Chad Perkins, author of the valuable AE reference guide The After Effects Illusionist, is at it again with How to Cheat in After Effects. The focus here - somewhat like in that book - is on how to create some very cool results by tweaking with the usual settings of effects. The difference is that here it's organized into a series of mini-lessons, each of which fits on two facing pages with ample illustrations. So that book works as a reference guide, that you might want to pull off the shelf when you know roughly what you want to do but aren't sure how to get that result with the effects that ship with AE. Here, rather than a reference guide, what you get is a series of quick and easy recipes, that you could pull out and browse for inspiration, or try out one by one in hopes of picking up a new bag of tricks. It would also work as a quick reminder of how to achieve effects you once learned but don't do often enough to have memorized.
It should be noted this isn't really a how-to guide for beginners - since everything in here from the very first trick presumes a reader who knows how to do the basics such as working with layers and keyframing animations. In fact, a lot of the things he shows you how to do should be pretty familiar to most readers who are ready to follow along. If you've worked through Creating Motion Graphics with After Effects, for example, there's nothing here that's really new. What's novel, though, are the ways he puts to use these familiar techniques so as to achieve some fairly awesome effects. Some of them are more gimmicky than essential - but I was hooked from the very first lesson, which shows how to generate a fairly realistic looking fireball using basic effects. It's not all gimmicks, though, and I found his quick and cut to the chase approach to complex problems like color correction quite refreshing. It is much faster to work through than, say, Chris and Trish Meyer's Creating Motion Graphics with After Effects or Mark Christensen's Adobe After Effects CS5 Visual Effects and Compositing Studio Techniques, and what it lacks in depth and thorough explanation it makes up for in brevity and wit. I wouldn't suggest replacing either of those books with this one - since they go into a lot more detail about the inner workings of After Effects and in the long run that's essential - but for the reader who already has down the basics and really doesn't care how and why things work exactly, but just wants to quickly learn how to do lots of stuff, this would be an ideal guide.

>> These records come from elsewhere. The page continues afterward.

Inductive inI (D : idomainType) : poly D -> Prop :=
| I_gen1 : inI (subp (mono D [:: yv 0; yv 1]) (mono D [:: yv 1; yv 0]))
| I_gen2 : inI (subp (mono D [:: zv 0; zv 1; zv 2]) (mono D [:: zv 2; zv 1; zv 0]))
| I_gen3 : inI (addp (mono D [:: yv 0; zv 0]) (mono D [:: zv 0; yv 0]))
| I_add : forall p q, inI p -> inI q -> inI (addp p q)
| I_mull : forall a p, inI p -> inI (mulp a p)
| I_mulr : forall a p, inI p -> inI (mulp p a)
| I_equiv : forall p q, peq p q -> inI p -> inI q
| I_subst : forall sigma p, admissible sigma -> inI p -> inI (substp sigma p).

Definition ys (w : word) : seq nat := [seq v.2 | v <- w & ~~ v.1].
Definition zs (w : word) : seq nat := [seq v.2 | v <- w & v.1].
Definition evens (s : seq nat) : seq nat := mkseq (fun k => nth 0%N s k.*2) (uphalf (size s)).
Definition odds (s : seq nat) : seq nat := mkseq (fun k => nth 0%N s k.*2.+1) (size s)./2.

Definition inB1 (w : word) : bool := all (fun v : var => ~~ v.1) w && sorted leq (ys w).
Definition inB2 (w : word) : bool :=
  [&& w == [seq yv i | i <- ys w] ++ [seq zv i | i <- zs w],
      sorted leq (ys w), zs w != [::],
      sorted leq (evens (zs w)) & sorted leq (odds (zs w))].
Definition inB (w : word) : bool := inB1 w || inB2 w.

Definition xi1 (w : word) (i : nat) : nat := count (pred1 i) (ys w).
Definition xi2 (w : word) (i : nat) : nat := count (pred1 i) (evens (zs w)).
Definition xi3 (w : word) (i : nat) : nat := count (pred1 i) (odds (zs w)).

Definition strict_incr (f : nat -> nat) : Prop := forall i j, (i < j)%N -> (f i < f j)%N.

Definition le_s1 (u v : nat -> nat) : Prop :=
  exists psi, strict_incr psi /\ forall i, (u i <= v (psi i))%N.
Definition le_s3 (u1 u2 u3 v1 v2 v3 : nat -> nat) : Prop :=
  exists psi, strict_incr psi /\
    forall i, [/\ (u1 i <= v1 (psi i))%N, (u2 i <= v2 (psi i))%N & (u3 i <= v3 (psi i))%N].

Definition le' (M M' : word) : Prop :=
  (inB1 M /\ inB1 M' /\ le_s1 (xi1 M) (xi1 M')) \/
  (inB2 M /\ inB2 M' /\ le_s3 (xi1 M) (xi2 M) (xi3 M) (xi1 M') (xi2 M') (xi3 M')).

Definition ren (D : idomainType) (phi : nat -> nat) (v : var) : poly D :=
  mono D [:: (v.1, phi v.2)].

Definition infinite_type (D : idomainType) : Prop :=
  forall s : seq D, exists x, x \notin s.

(** Modulo [I] the even variables commute, and [z_a z_b z_c = z_c z_b z_a]
    lets one permute freely the [c]'s, and separately the [d]'s, of a word
    [z_(c_1) z_(d_1) z_(c_2) z_(d_2) ...].  Hence [y_(a_1) ... y_(a_k)] times
    such a word is determined modulo [I] by the multisets of its [a]'s, [c]'s
    and [d]'s, i.e. by [xi].  If [psi] witnesses [M <=' M'], these multisets
    for [psi(M)] are contained in those of [M']: [N] supplies the missing
    [y]'s and [P] interleaves the missing [c]'s and [d]'s, starting with a [d]
    when the [z]-part of [M] has odd length. *)
From Pilot Require Import Defs.
From mathcomp Require Import all_boot all_algebra zify.

Set Implicit Arguments.
Unset Strict Implicit.
Unset Printing Implicit Defensive.

Import GRing.Theory.

Notation Y s := [seq yv i | i <- s].
Notation Z s := [seq zv i | i <- s].

Section CongruenceModI.
Variable D : idomainType.
Local Open Scope ring_scope.

Definition eqvI (w1 w2 : word) := inI (subp (mono D w1) (mono D w2)).

Lemma coef_cat (p q : Defs.poly D) w : coef (p ++ q) w = coef p w + coef q w.
Proof. by rewrite /coef big_cat. Qed.

Lemma coef_scalep c (p : Defs.poly D) w : coef (scalep c p) w = c * coef p w.
Proof. by rewrite /coef /scalep big_map big_distrr. Qed.

Lemma mulp_mono u v : mulp (mono D u) (mono D v) = mono D (u ++ v).
Proof. by rewrite /mulp /mono /= mulr1. Qed.

Lemma mulp_const c (p : Defs.poly D) : mulp [:: (c, [::])] p = scalep c p.
Proof. by rewrite /mulp /= cats0. Qed.

Lemma inI_nil : inI ([::] : Defs.poly D).
Proof. exact: (I_mull [::] (@I_gen1 D)). Qed.

Lemma eqvI_refl w : eqvI w w.
Proof.
apply: (I_equiv _ inI_nil) => w'.
by rewrite /subp /addp coef_cat coef_scalep /coef big_nil mulN1r addrN.
Qed.

Lemma eqvI_sym w1 w2 : eqvI w1 w2 -> eqvI w2 w1.
Proof.
move=> /(I_mull [:: (-1, [::])]); rewrite mulp_const => I21.
apply: (I_equiv _ I21) => w.
rewrite /subp /addp coef_scalep !coef_cat !coef_scalep !mulN1r.
by rewrite opprD opprK addrC.
Qed.

Lemma eqvI_trans w1 w2 w3 : eqvI w1 w2 -> eqvI w2 w3 -> eqvI w1 w3.
Proof.
move=> I12 I23; apply: (I_equiv _ (I_add I12 I23)) => w.
rewrite /subp /addp !coef_cat !coef_scalep !mulN1r.
by rewrite addrA addrNK.
Qed.

Lemma eqvI_ctx u v w1 w2 : eqvI w1 w2 -> eqvI (u ++ w1 ++ v) (u ++ w2 ++ v).
Proof.
move=> /(I_mulr (mono D v)) /(I_mull (mono D u)).
by rewrite /eqvI /subp /addp /scalep /mulp /mono /= !mul1r !mulr1.
Qed.

Lemma eqvI_cons x w1 w2 : eqvI w1 w2 -> eqvI (x :: w1) (x :: w2).
Proof. by move=> /(eqvI_ctx [:: x] [::]); rewrite !cats0. Qed.

Lemma eqvI_cat u1 u2 v1 v2 : eqvI u1 u2 -> eqvI v1 v2 -> eqvI (u1 ++ v1) (u2 ++ v2).
Proof.
move=> /(eqvI_ctx [::] v1) Iu /(eqvI_ctx u2 [::]); rewrite !cats0.
exact: eqvI_trans.
Qed.

Definition renw (phi : nat -> nat) (w : word) : word :=
  [seq (v.1, phi v.2) | v <- w].

Lemma eval_word_ren phi w : eval_word (ren D phi) w = mono D (renw phi w).
Proof. by elim: w => //= v w ->; rewrite mulp_mono. Qed.

Lemma substp_ren_mono phi w : substp (ren D phi) (mono D w) = mono D (renw phi w).
Proof. by rewrite /substp /= eval_word_ren /scalep /mono /= mulr1. Qed.

Lemma ren_admissible phi : admissible (ren D phi).
Proof.
move=> i; split; split=> [|w]; try exact: lie_var;
  by rewrite /coef big_cons big_nil /=; case: ifP => [/eqP <-|]; rewrite ?eqxx.
Qed.

Lemma eqvI_ren phi w1 w2 : eqvI w1 w2 -> eqvI (renw phi w1) (renw phi w2).
Proof.
move=> /(I_subst (ren_admissible phi)).
by rewrite /eqvI /substp /subp /addp /scalep /= !eval_word_ren /mono /= !mulr1.
Qed.

Lemma eqvI_yC a b : eqvI [:: yv a; yv b] [:: yv b; yv a].
Proof. exact: (eqvI_ren (nth 0%N [:: a; b]) (@I_gen1 D)). Qed.

Lemma eqvI_zrev a b c : eqvI [:: zv a; zv b; zv c] [:: zv c; zv b; zv a].
Proof. exact: (eqvI_ren (nth 0%N [:: a; b; c]) (@I_gen2 D)). Qed.

End CongruenceModI.

Lemma count_map_inj_le (T T' : eqType) (f : T -> T') (s : seq T) (s' : seq T') :
  injective f -> (forall i, count_mem i s <= count_mem (f i) s') ->
  forall j, count_mem j (map f s) <= count_mem j s'.
Proof.
move=> f_inj le_s j; case: (boolP (j \in map f s)) => [/mapP[i _ ->]|/count_memPn-> //].
rewrite count_map; under eq_count => k do rewrite /= inj_eq //.
exact: le_s.
Qed.

Lemma count_le_perm_cat (T : eqType) (s s' : seq T) :
  (forall i, count_mem i s <= count_mem i s') -> exists t, perm_eq (s ++ t) s'.
Proof.
case/count_subseqP=> s1 /perm_to_subseq[t Pt] P.
by exists t; rewrite perm_sym (perm_trans Pt) // perm_cat2r perm_sym.
Qed.

Lemma oddsC x s : odds (x :: s) = evens s. Proof. by []. Qed.

Lemma evensC x s : evens (x :: s) = x :: odds s.
Proof. by rewrite /evens /odds /mkseq /= -[1]/(1 + 0) iotaDl -map_comp. Qed.

Lemma size_evens s : size (evens s) = uphalf (size s).
Proof. exact: size_mkseq. Qed.

Lemma size_odds s : size (odds s) = (size s)./2.
Proof. exact: size_mkseq. Qed.

Lemma evens_odds_cat s t :
  evens (s ++ t) = evens s ++ (if odd (size s) then odds t else evens t) /\
  odds (s ++ t) = odds s ++ (if odd (size s) then evens t else odds t).
Proof.
elim: s => [|x s [IHe IHo]] //.
by rewrite cat_cons !evensC !oddsC IHe IHo /=; case: (odd (size s)).
Qed.

Lemma evens_odds_map (f : nat -> nat) s :
  evens (map f s) = map f (evens s) /\ odds (map f s) = map f (odds s).
Proof.
by elim: s => [|x s [IHe IHo]] //; rewrite map_cons !evensC !oddsC IHe IHo.
Qed.

Fixpoint interleave (e o : seq nat) : seq nat :=
  if e is x :: e' then if o is y :: o' then x :: y :: interleave e' o' else e
  else e.

Lemma evens_odds_interleave e o : size o <= size e <= (size o).+1 ->
  evens (interleave e o) = e /\ odds (interleave e o) = o.
Proof.
elim: e o => [|x e IH] [|y o] //=; first by case: e {IH}.
by move=> /IH[Ee Eo]; rewrite !(evensC, oddsC) Ee Eo.
Qed.

Lemma evens_odds_complement (s s' : seq nat) :
  (forall i, count_mem i (evens s) <= count_mem i (evens s')) ->
  (forall i, count_mem i (odds s) <= count_mem i (odds s')) ->
  exists t, perm_eq (evens (s ++ t)) (evens s') /\ perm_eq (odds (s ++ t)) (odds s').
Proof.
move=> /count_le_perm_cat[e Pe] /count_le_perm_cat[o Po].
have := perm_size Pe; have := perm_size Po.
rewrite !size_cat !size_evens !size_odds !uphalf_half.
case odd_s: (odd (size s)) => size_o size_e;
  [exists (interleave o e) | exists (interleave e o)];
  rewrite (evens_odds_cat _ _).1 (evens_odds_cat _ _).2 odd_s
    (evens_odds_interleave _).1 ?(evens_odds_interleave _).2 //;
  by move: size_e size_o; case: (odd (size s')) => /=; lia.
Qed.

Section WordsModI.
Variable D : idomainType.

Lemma eqvI_Y_rem x a : x \in a -> eqvI D (Y a) (Y (x :: rem x a)).
Proof.
elim: a => [|y a IH] //=; rewrite inE eq_sym.
case: eqP => [-> _|_ /IH Ia]; first exact: eqvI_refl.
apply: eqvI_trans (eqvI_cons (yv y) Ia) _.
exact: (eqvI_ctx [::] (Y (rem x a)) (eqvI_yC D y x)).
Qed.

Perkins starts out with a series of neat tricks like the dragon flame, and then moves on to manipulation of lights and cameras, and then to creative use of 3d objects (mostly generated in Photoshop), to compositing (with some very helpful sections on using Mocha), and quick animation techniques, and effects with light, several ways to use masks and shapes and particles, to a very helpful set of quick tutorials on color correction, and finally on how to create background layers. It may not be an essential guide to After Effects, but it's a very valuable guide that I know I'll go back to again and again for quick and easy primers on some fairly sophisticated processes.